Example 3: Ethanol in water (C₂H₅OH in H₂O) — liquid in liquid. Ethanol and water are completely miscible, forming a single uniform phase.
In each case the mixture is clear, shows no settling, and has uniform composition.

Q2. How can you distinguish a solution, a colloid, and a suspension using simple tests and examples?

Answer:

A solution is clear and transparent, particles are < 1 nm, and it shows no Tyndall effect. Example: salt water. It passes through filter paper and light does not scatter.
A colloid has particle size between 1 nm and 100 nm, appears cloudy or milky, and shows the Tyndall effect (scatters light). Example: milk. Colloidal particles do not settle and cannot be removed by ordinary filtration.
A suspension has large particles (> 100 nm), appears cloudy but settles on standing. Example: sand in water. It can be separated by filtration or decantation.
Simple classroom tests: shine a flashlight (Tyndall effect), pass through filter paper, and let the mixture stand to check settling.

Q3. Explain concentration and calculate the molarity of a solution made by dissolving 10 g of NaCl in water to make 500 mL of solution. (Molar mass of NaCl = 58.5 g mol⁻¹)

Answer:

Concentration measures the amount of solute per unit volume of solution. Molarity (M) is moles of solute per litre of solution.
Step 1: Find moles of NaCl = mass / molar mass = 10 g / 58.5 g mol⁻¹ = 0.171 mol (approx.).
Step 2: Convert volume to litres: 500 mL = 0.500 L.
Step 3: Molarity M = moles / volume(L) = 0.171 mol / 0.500 L = 0.342 M.
So the solution has a molarity of 0.342 M. This tells us the number of NaCl moles dissolved in each litre of solution.

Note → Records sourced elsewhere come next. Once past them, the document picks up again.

(* The controlled shift U_CD copies classical basis states, U_CD |i,0> = |i,i>,
   so the output state is  rho' = sum_(i,j) rho_ij |ii><jj|  (output_expand):
   rho' is the image of rho under the isometric "diagonal embedding"
   emb v = sum_i v_i |ii> of C^d into C^d (x) C^d.  The proof has three parts.
   1. Schmidt rank of emb v = superposition number of v.  Writing
      v_i = |v_i| (v_i/|v_i|) gives a Schmidt decomposition with r(v) terms
      (emb_schmidt_rank_le); conversely a Schmidt decomposition with r terms
      factors diag(v) through C^r, so r(v) <= rank diag(v) <= r
      (sup_number_le_schmidt).
   2. Decompositions of rho and rho' correspond.  Pushing a decomposition of rho
      along emb decomposes rho'; conversely rho' vanishes at |ab><ab| for a <> b,
      which by positivity forces every pure component of rho' into the image of
      emb (output_component_diagonal).  Hence N_S(rho) <= k iff S_N(rho') <= k
      (sup_number_le_output).
   3. For a classical state Tr(M rho) is a convex combination of the diagonal
      entries <i|M|i>, so it cannot exceed all of them (classical_trace_bound).
   The theorem follows: 2 gives S_N = N_S and the entanglement criterion, and
   3 transported by 2 gives the witness criterion. *)

Local Notation pr := (@mxvec_index _ _).

Section MatrixToolkit.
Variable C : numClosedFieldType.

Lemma unpairK m n (i : 'I_m) (j : 'I_n) : unpair (pr i j) = (i, j).
Proof. by rewrite /unpair /mxvec_index cast_ordK enum_rankK. Qed.

Lemma unpairV m n (a : 'I_(m * n)) : pr (unpair a).1 (unpair a).2 = a.
Proof.
rewrite /unpair /mxvec_index -[(_, _)]surjective_pairing enum_valK.
exact: val_inj.
Qed.

Lemma eq_pr m n (a : 'I_(m * n)) i j : (a == pr i j) = (unpair a == (i, j)).
Proof.
apply/eqP/eqP => [->|ea]; first by rewrite unpairK.
by rewrite -(unpairV a) ea.
Qed.

Lemma pr_eq m n (i i' : 'I_m) (j j' : 'I_n) :
  (pr i j == pr i' j') = (i == i') && (j == j').
Proof. by rewrite eq_pr unpairK xpair_eqE. Qed.

Lemma dagE m n (A : 'M[C]_(m, n)) i j : dag A i j = (A j i)^*.
Proof. by rewrite /dag !mxE. Qed.

Lemma dag_delta m n (i : 'I_m) (j : 'I_n) :
  dag (delta_mx i j : 'M[C]_(m, n)) = delta_mx j i.
Proof. by apply/matrixP => a b; rewrite dagE !mxE conjC_nat andbC. Qed.

Lemma dag_sum m n I (r : seq I) (P : pred I) (F : I -> 'M[C]_(m, n)) :
  dag (\sum_(k <- r | P k) F k) = \sum_(k <- r | P k) dag (F k).
Proof.
apply/matrixP => a b; rewrite dagE !summxE rmorph_sum.
by apply: eq_bigr => k _; rewrite dagE.
Qed.

Lemma dagZ m n c (A : 'M[C]_(m, n)) : dag (c *: A) = c^* *: dag A.
Proof. by apply/matrixP => a b; rewrite dagE !mxE ?dagE rmorphM. Qed.

Lemma outer_entry n (v : 'cV[C]_n) a b : (v *m dag v) a b = v a 0 * (v b 0)^*.
Proof. by rewrite mxE big_ord1 dagE. Qed.

Lemma ket_inner n (i j : 'I_n) :
  (dag (delta_mx i 0 : 'cV[C]_n) *m (delta_mx j 0 : 'cV[C]_n)) 0 0 = (i == j)%:R.
Proof. by rewrite dag_delta mul_delta_mx_cond mulmxnE mxE !eqxx. Qed.

Lemma kron_delta m1 n1 m2 n2 (i : 'I_m1) (j : 'I_n1) (k : 'I_m2) (l : 'I_n2) :
  kron (delta_mx i j : 'M[C]_(m1, n1)) (delta_mx k l : 'M[C]_(m2, n2))
  = delta_mx (pr i k) (pr j l).
Proof.
apply/matrixP => a b; rewrite -(unpairV a) -(unpairV b) /kron !mxE !unpairK.
by rewrite !pr_eq -natrM mulnb andbACA.
Qed.

Lemma kron_suml m1 n1 m2 n2 I (r : seq I) (P : pred I)
    (F : I -> 'M[C]_(m1, n1)) (B : 'M[C]_(m2, n2)) :
  kron (\sum_(k <- r | P k) F k) B = \sum_(k <- r | P k) kron (F k) B.
Proof.
apply/matrixP => a b; rewrite summxE /kron mxE summxE mulr_suml.
by apply: eq_bigr => k _; rewrite mxE.
Qed.

Lemma kronZl m1 n1 m2 n2 c (A : 'M[C]_(m1, n1)) (B : 'M[C]_(m2, n2)) :
  kron (c *: A) B = c *: kron A B.
Proof. by apply/matrixP => a b; rewrite /kron !mxE mulrA. Qed.

Lemma sum2_delta (V : nmodType) m n (F : 'I_m -> 'I_n -> V) i j :
  \sum_k \sum_l F k l *+ ((k == i) && (l == j)) = F i j.
Proof.
rewrite (bigD1 i) //= [X in _ + X]big1 => [|k /negbTE nki]; last first.
  by apply: big1 => l _; rewrite nki mulr0n.
rewrite addr0 (bigD1 j) //= !eqxx mulr1n [X in _ + X]big1 ?addr0 // => l /negbTE ->.
by rewrite andbF mulr0n.
Qed.

Lemma sum_delta_l n (F : 'I_n -> C) i : \sum_j (i == j)%:R * F j = F i.
Proof.
rewrite (bigD1 i) //= eqxx mul1r big1 ?addr0 // => j nji.
by rewrite eq_sym (negbTE nji) mul0r.
Qed.

Lemma sum_delta_r n (F : 'I_n -> C) i : \sum_j F j * (j == i)%:R = F i.
Proof. by rewrite -(sum_delta_l F i); apply: eq_bigr => j _; rewrite mulrC eq_sym. Qed.

Lemma trace_comb m N (p : 'I_N -> C) (F : 'I_N -> 'M[C]_m) :
  \tr (\sum_l p l *: F l) = \sum_l p l * \tr (F l).
Proof.
rewrite /mxtrace (eq_bigr (fun i => \sum_l p l * F l i i)) => [|i _].
  by rewrite exchange_big; apply: eq_bigr => l _; rewrite mulr_sumr.
by rewrite summxE; apply: eq_bigr => l _; rewrite mxE.
Qed.

Lemma trace_outer n (M : 'M[C]_n) (v : 'cV[C]_n) :
  \tr (M *m (v *m dag v)) = (dag v *m M *m v) 0 0.
Proof. by rewrite mulmxA mxtrace_mulC /mxtrace big_ord1 mulmxA. Qed.

Lemma pure_comb_diag_eq0 n N (p : 'I_N -> C) (psi : 'I_N -> 'cV[C]_n) a :
  (forall l, 0 < p l) ->
  (\sum_l p l *: (psi l *m dag (psi l))) a a = 0 -> forall l, psi l a 0 = 0.
Proof.
move=> pp; rewrite summxE => sum0 l.
have ge0 l' : xpredT l' -> 0 <= (p l' *: (psi l' *m dag (psi l'))) a a.
  by move=> _; rewrite mxE outer_entry; apply: mulr_ge0; [exact: ltW | exact: mul_conjC_ge0].
have /eqP := psumr_eq0P ge0 sum0 (i := l) isT.
by rewrite mxE outer_entry mulf_eq0 gt_eqF //= mul_conjC_eq0 => /eqP.
Qed.

End MatrixToolkit.

Section ControlledShift.
Variable C : numClosedFieldType.
Variables (d : nat) (hd : (0 < d)%N).
Local Notation o := (ord0' hd).

Lemma addmod0 i : addmod hd o i = i.
Proof. by apply: val_inj; rewrite /= add0n modn_small. Qed.

Lemma UcdE : Ucd C hd = \sum_i \sum_j delta_mx (pr i (addmod hd j i)) (pr i j).
Proof.
apply: eq_bigr => i _; apply: eq_bigr => j _.
by rewrite /ket !kron_delta dag_delta mul_delta_mx.
Qed.

Lemma dagUcdE :
  dag (Ucd C hd) = \sum_i \sum_j delta_mx (pr i j) (pr i (addmod hd j i)).
Proof.
rewrite UcdE dag_sum; apply: eq_bigr => i _; rewrite dag_sum.
by apply: eq_bigr => j _; rewrite dag_delta.
Qed.

Lemma Ucd_copy_left n i (q : 'I_n) :
  Ucd C hd *m delta_mx (pr i o) q = delta_mx (pr i i) q.
Proof.
rewrite UcdE mulmx_suml.
transitivity (\sum_k \sum_l
  (delta_mx (pr k (addmod hd l k)) q : 'M[C]_(d * d, n)) *+ ((k == i) && (l == o))).
  apply: eq_bigr => k _; rewrite mulmx_suml; apply: eq_bigr => l _.
  by rewrite mul_delta_mx_cond pr_eq.
by rewrite (sum2_delta (fun k l => delta_mx (pr k (addmod hd l k)) q)) addmod0.
Qed.

Lemma Ucd_copy_right n (q : 'I_n) j :
  delta_mx q (pr j o) *m dag (Ucd C hd) = delta_mx q (pr j j).
Proof.
rewrite dagUcdE mulmx_sumr.
transitivity (\sum_k \sum_l
  (delta_mx q (pr k (addmod hd l k)) : 'M[C]_(n, d * d)) *+ ((k == j) && (l == o))).
  apply: eq_bigr => k _; rewrite mulmx_sumr; apply: eq_bigr => l _.
  by rewrite mul_delta_mx_cond pr_eq (eq_sym j) (eq_sym o).
by rewrite (sum2_delta (fun k l => delta_mx q (pr k (addmod hd l k)))) addmod0.
Qed.

Lemma output_expand (rho : 'M[C]_d) :
  output hd rho = \sum_i \sum_j rho i j *: delta_mx (pr i i) (pr j j).
Proof.
rewrite /output /ket dag_delta mul_delta_mx {1}(matrix_sum_delta rho).
rewrite kron_suml mulmx_sumr mulmx_suml; apply: eq_bigr => i _.
rewrite kron_suml mulmx_sumr mulmx_suml; apply: eq_bigr => j _.
by rewrite kronZl kron_delta -scalemxAr -scalemxAl Ucd_copy_left Ucd_copy_right.
Qed.

Lemma output_diag (rho : 'M[C]_d) i j : output hd rho (pr i i) (pr j j) = rho i j.
Proof.
rewrite output_expand summxE -[RHS](sum2_delta (fun i' j' => rho i' j')).
apply: eq_bigr => i' _; rewrite summxE; apply: eq_bigr => j' _.
by rewrite !mxE !pr_eq !andbb mulr_natr (eq_sym i) (eq_sym j).
Qed.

Q4. Describe the principle of dilution and find the volume of 1.0 M hydrochloric acid (HCl) required to prepare 250 mL of 0.10 M HCl.

Answer:

Dilution means reducing concentration by adding more solvent. The number of moles of solute remains the same before and after dilution. The relation is M₁V₁ = M₂V₂.
Given: M₁ = 1.0 M (stock), M₂ = 0.10 M (desired), V₂ = 250 mL = 0.250 L.
Using formula: V₁ = (M₂ × V₂) / M₁ = (0.10 × 0.250) / 1.0 = 0.025 L = 25 mL.
So 25 mL of 1.0 M HCl is taken and diluted with water up to 250 mL to get 0.10 M HCl. Always add acid to water, not water to acid, for safety.

Q5. Explain the terms unsaturated, saturated, and supersaturated solutions with the example of sugar in water and describe how temperature affects solubility.

Answer:

An unsaturated solution contains less solute than the maximum that can dissolve at a given temperature. More sugar will dissolve.
A saturated solution contains the maximum amount of solute that can dissolve at that temperature; any extra solute remains undissolved. For sugar in water at a fixed temperature, crystals appear if you add more.
A supersaturated solution holds more solute than the normal maximum at that temperature; it is unstable and can crystallize on disturbance.
Temperature usually increases the solubility of solids in liquids: warm water dissolves more sugar than cold water. Thus heating can convert saturated to unsaturated, while cooling may cause crystallization and form a supersaturated state.

High Complexity (Analytical & Scenario-Based)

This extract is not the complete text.